Colorectal cancer (CRC) is the second most common cancer in Europe and the second leading cause of cancer-related mortality worldwide [1]. At the time of initial diagnosis, up to 20% of patients with CRC have liver metastases (LMs), which are associated with poor tumor biology and prognosis [2]. Especially in the case of multiple LMs in both lobes, the management of patients with colorectal LMs (CRLMs) requires a complex, multidisciplinary approach involving colorectal surgery, hepatic resection, and chemotherapy at appropriate intervals. Bevacizumab + FOLFOXIRI (5-fluorouracil, levofolinate, oxaliplatin, irinotecan) has recently become the preferred treatment for multiple LMs because of patients’ high response rate and prolonged survival [3, 4]. However, the choice of drugs following disease progression after bevacizumab + FOLFOXIRI remains controversial especially in case of RAS mutant. FOLFIRI (5-fluorouracil, levofolinate, irinotecan) + aflibercept or ramucirumab can be beneficial [5,6,7], but the evidence on which drugs to use after bevacizumab + FOLFOXIRI needs to be clarified.

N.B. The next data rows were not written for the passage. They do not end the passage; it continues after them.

Definition lrauzy (eps : bool) (p : pr) : pr :=
  let pe := comp p eps in
  let po := comp p (~~ eps) in
  match preim pe 1 with
  | None => p
  | Some a =>
      mkpr eps pe (fun b =>
        if po b == 1 then (po a).-1
        else if 1 < po b < po a then (po b).-1
        else po b)
  end.

Definition rstep (p q : pr) : Prop :=
  exists eps : bool, q = rauzy eps p \/ q = lrauzy eps p.

(* reflexive-transitive closure: the labeled extended Rauzy class of p
   is [set q | reach p q] *)
Inductive reach (p : pr) : pr -> Prop :=
  | reach_refl : reach p p
  | reach_step q r : reach p q -> rstep q r -> reach p r.

(* the permutation p1 o p0^{-1} in S_n, encoded as its one-line notation
   [:: p1(p0^{-1} 1); ...; p1(p0^{-1} n)] *)
Definition perm_of (p : pr) : seq nat :=
  [seq (match preim p.1 k with Some a => p.2 a | None => 0 end)
   | k <- iota 1 nA].

Definition nl_class (p : pr) (s : seq nat) : Prop :=
  exists q, reach p q /\ perm_of q = s.

Definition standard (p : pr) : Prop :=
  (exists a, p.1 a = 1 /\ p.2 a = nA) /\ (exists b, p.2 b = 1 /\ p.1 b = nA).

Definition pwor_wrt (p : pr) (ks : seq nat) : Prop :=
  [/\ head 0 ks = 2, last 0 ks = nA, sorted ltn ks &
      forall i, i.+1 < size ks ->
        let lo := nth 0 ks i in let hi := nth 0 ks i.+1 in
        forall b,
          ((lo <= p.1 b < hi) = (lo <= p.2 b < hi)) /\
          (lo <= p.1 b < hi -> p.1 b + p.2 b = lo + hi - 1)].

End Rauzy.

Definition block_sizes (ks : seq nat) : seq nat :=
  [seq nth 0 ks i.+1 - nth 0 ks i | i <- iota 0 (size ks).-1].

(* chains: split the list of block sizes at the 1-blocks;
   with k-1 one-blocks we get exactly k (possibly empty) chains C_1..C_k *)
Fixpoint chains (sz : seq nat) : seq (seq nat) :=
  match sz with
  | [::] => [:: [::]]
  | x :: s => if x == 1 then [::] :: chains s
              else match chains s with
                   | c :: cs => (x :: c) :: cs
                   | [::] => [:: [:: x]]
                   end
  end.

Definition all2blocks (c : seq nat) : bool := all (fun x => x == 2) c.

Definition many_big (sz : seq nat) : Prop := 1 < count (fun x => 2 <= x) sz.

Definition type2_sz (sz : seq nat) : Prop :=
  many_big sz /\ all all2blocks (chains sz).

Definition type4_sz (sz : seq nat) : Prop :=
  many_big sz /\
  exists i, i < size (chains sz) /\
    (exists m, nth [::] (chains sz) i = 4 :: nseq m 2) /\
    (forall j, j < size (chains sz) -> j != i ->
       all2blocks (nth [::] (chains sz) j)).

Definition type5_sz (sz : seq nat) : Prop :=
  many_big sz /\
  exists i, i < size (chains sz) /\
    nth [::] (chains sz) i = [:: 5] /\
    (forall j, j < size (chains sz) -> j != i ->
       let c := nth [::] (chains sz) j in c = [::] \/ c = [:: 2]).

Definition type2 (A : finType) (p : pr A) : Prop :=
  exists ks, pwor_wrt p ks /\ type2_sz (block_sizes ks).
Definition type4 (A : finType) (p : pr A) : Prop :=
  exists ks, pwor_wrt p ks /\ type4_sz (block_sizes ks).
Definition type5 (A : finType) (p : pr A) : Prop :=
  exists ks, pwor_wrt p ks /\ type5_sz (block_sizes ks).

(* To a pair p attach the quadratic form X |-> #|X| + (number of crossing pairs
   of letters in X) on GF(2)^A and the sum [arf p] of its signs, which
   determines its Arf invariant.  The sum only depends on p1 o p0^-1, and a
   (left) Rauzy move changes the form by a transvection X |-> X + [d \in X] z,
   so it is constant on extended Rauzy classes.  For a standard piece-wise
   order reversing pair the two extreme letters cross every other letter,
   letters of different blocks do not cross and each block is a clique, so
   the sum is -2 times the product of the clique sums U(k) over the block
   sizes k, where U(k) = sum_j C(k,j) (-1)^C(j,2) equals 2, 2, 0, -4, -8 for
   k = 1, ..., 5.  It is therefore negative for Type <2> and positive for
   Types <4> and <5>. *)

From Pilot Require Import Defs.
From mathcomp Require Import all_boot all_algebra zify ring.
Set Implicit Arguments. Unset Strict Implicit. Unset Printing Implicit Defensive.
Import GRing.Theory Num.Theory.

Lemma setU1_ind (T : finType) (P : {set T} -> Prop) :
  P set0 -> (forall z (X : {set T}), z \notin X -> P X -> P (z |: X)) ->
  forall X, P X.
Proof.
move=> P0 PU1 X; elim: {X}_.+1 {-2}X (ltnSn #|X|) => // n IH X.
case: (set_0Vmem X) => [-> //|[z zX]]; rewrite ltnS => Xn.
rewrite -(setD1K zX); apply: PU1; first by rewrite setD11.
by apply: IH; move: Xn; rewrite (cardsD1 z X) zX.
Qed.

Section Crossings.
Variable A : finType.
Implicit Types (p : pr A) (X : {set A}).

Definition crossing p a b := (p.1 a < p.1 b) && (p.2 b < p.2 a).
Definition crosses p a b := crossing p a b || crossing p b a.
Definition ncross p X := \sum_(a in X) \sum_(b in X) crossing p a b.

Definition arf p : int := (\sum_(X : {set A}) (-1) ^+ (#|X| + ncross p X))%R.

Lemma crossingxx p a : crossing p a a = false.
Proof. by rewrite /crossing ltnn. Qed.

Lemma crossesxx p a : crosses p a a = false.
Proof. by rewrite /crosses crossingxx. Qed.

Lemma crossesC p a b : crosses p a b = crosses p b a.
Proof. by rewrite /crosses orbC. Qed.

Lemma crossesE p a b : (crosses p a b : nat) = crossing p a b + crossing p b a.
Proof.
rewrite /crosses /crossing.
by case: ltngtP => //= _; case: ltngtP.
Qed.

Lemma ncross0 p : ncross p set0 = 0.
Proof. by rewrite /ncross big_set0. Qed.

Lemma ncrossU1 p z X : z \notin X ->
  ncross p (z |: X) = ncross p X + \sum_(b in X) crosses p z b.
Proof.
move=> zX; rewrite /ncross big_setU1 //= big_setU1 //= crossingxx add0n.
under [X in _ + X = _]eq_bigr => a _ do rewrite big_setU1 //=.
rewrite big_split /=.
have -> : \sum_(b in X) crosses p z b =
          \sum_(b in X) crossing p z b + \sum_(b in X) crossing p b z.
  by rewrite -big_split; apply: eq_bigr => b _; rewrite crossesE.
lia.
Qed.

Lemma ncrossD1 p X d : d \in X ->
  ncross p X = ncross p (X :\ d) + \sum_(b in X :\ d) crosses p d b.
Proof. by move=> dX; rewrite -{1}(setD1K dX) ncrossU1 // setD11. Qed.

Here, we present a patient with RAS mutant transverse colon cancer with synchronous multiple LMs. We used bevacizumab + FOLOFOXIRI as first-line therapy in combination with surgery. Long-term survival was achieved after recurrence with repeated resection and continued treatment with aflibercept + FOLFIRI.

The patient was a 37 year-old woman, 17 weeks pregnant. She had abdominal pain and diarrhea for 3 weeks. Colonoscopy revealed severe stenosis caused by a tumor at the splenic flexure. Histological examination of the tumor revealed well- to moderately-differentiated adenocarcinoma. The cancer genotype was MSS, RAS mutant (KRAS G12V) and BRAF wild type. She did not have any family history of cancer. Ultrasound and magnetic resonance imaging showed multiple hepatic masses.6 After she had a transverse colostomy and an abortion at a previous hospital, she was referred to our institution for further examination and treatment. Biochemical examination revealed that carcinoembryonic antigen level was elevated to 1402 ng/mL and tumor-associated carbohydrate antigen 19–9 to 693.6 U/mL. Abdominal contrast-enhanced computed tomography (CT) showed thickened walls of the transverse colon at the splenic flexure, three swollen lymph nodes in the mesocolon near the tumor, and 19 multiple solid low-density masses in the liver (Fig. 1a). Positron emission tomography/CT showed moderately intense accumulation of 18F-fluorodeoxyglucose in tumors in the colon and liver, and swollen lymph nodes. No other distant metastases were detected. According to these examinations, the final diagnosis was transverse colon cancer and synchronous 19 liver metastases [cT4aN1bM1a(H3), c-Stage IVa].

a Computed tomography at the initial examination showed thickened walls of the transverse colon at the splenic flexure (green circle), swollen lymph nodes in the mesocolon near the tumor (blue allows), and 19 multiple solid low-density masses in the liver (yellow allows). b Magnetic resonance imaging after chemotherapy showed shrinkage of all liver metastases in both lobes (orange arrows)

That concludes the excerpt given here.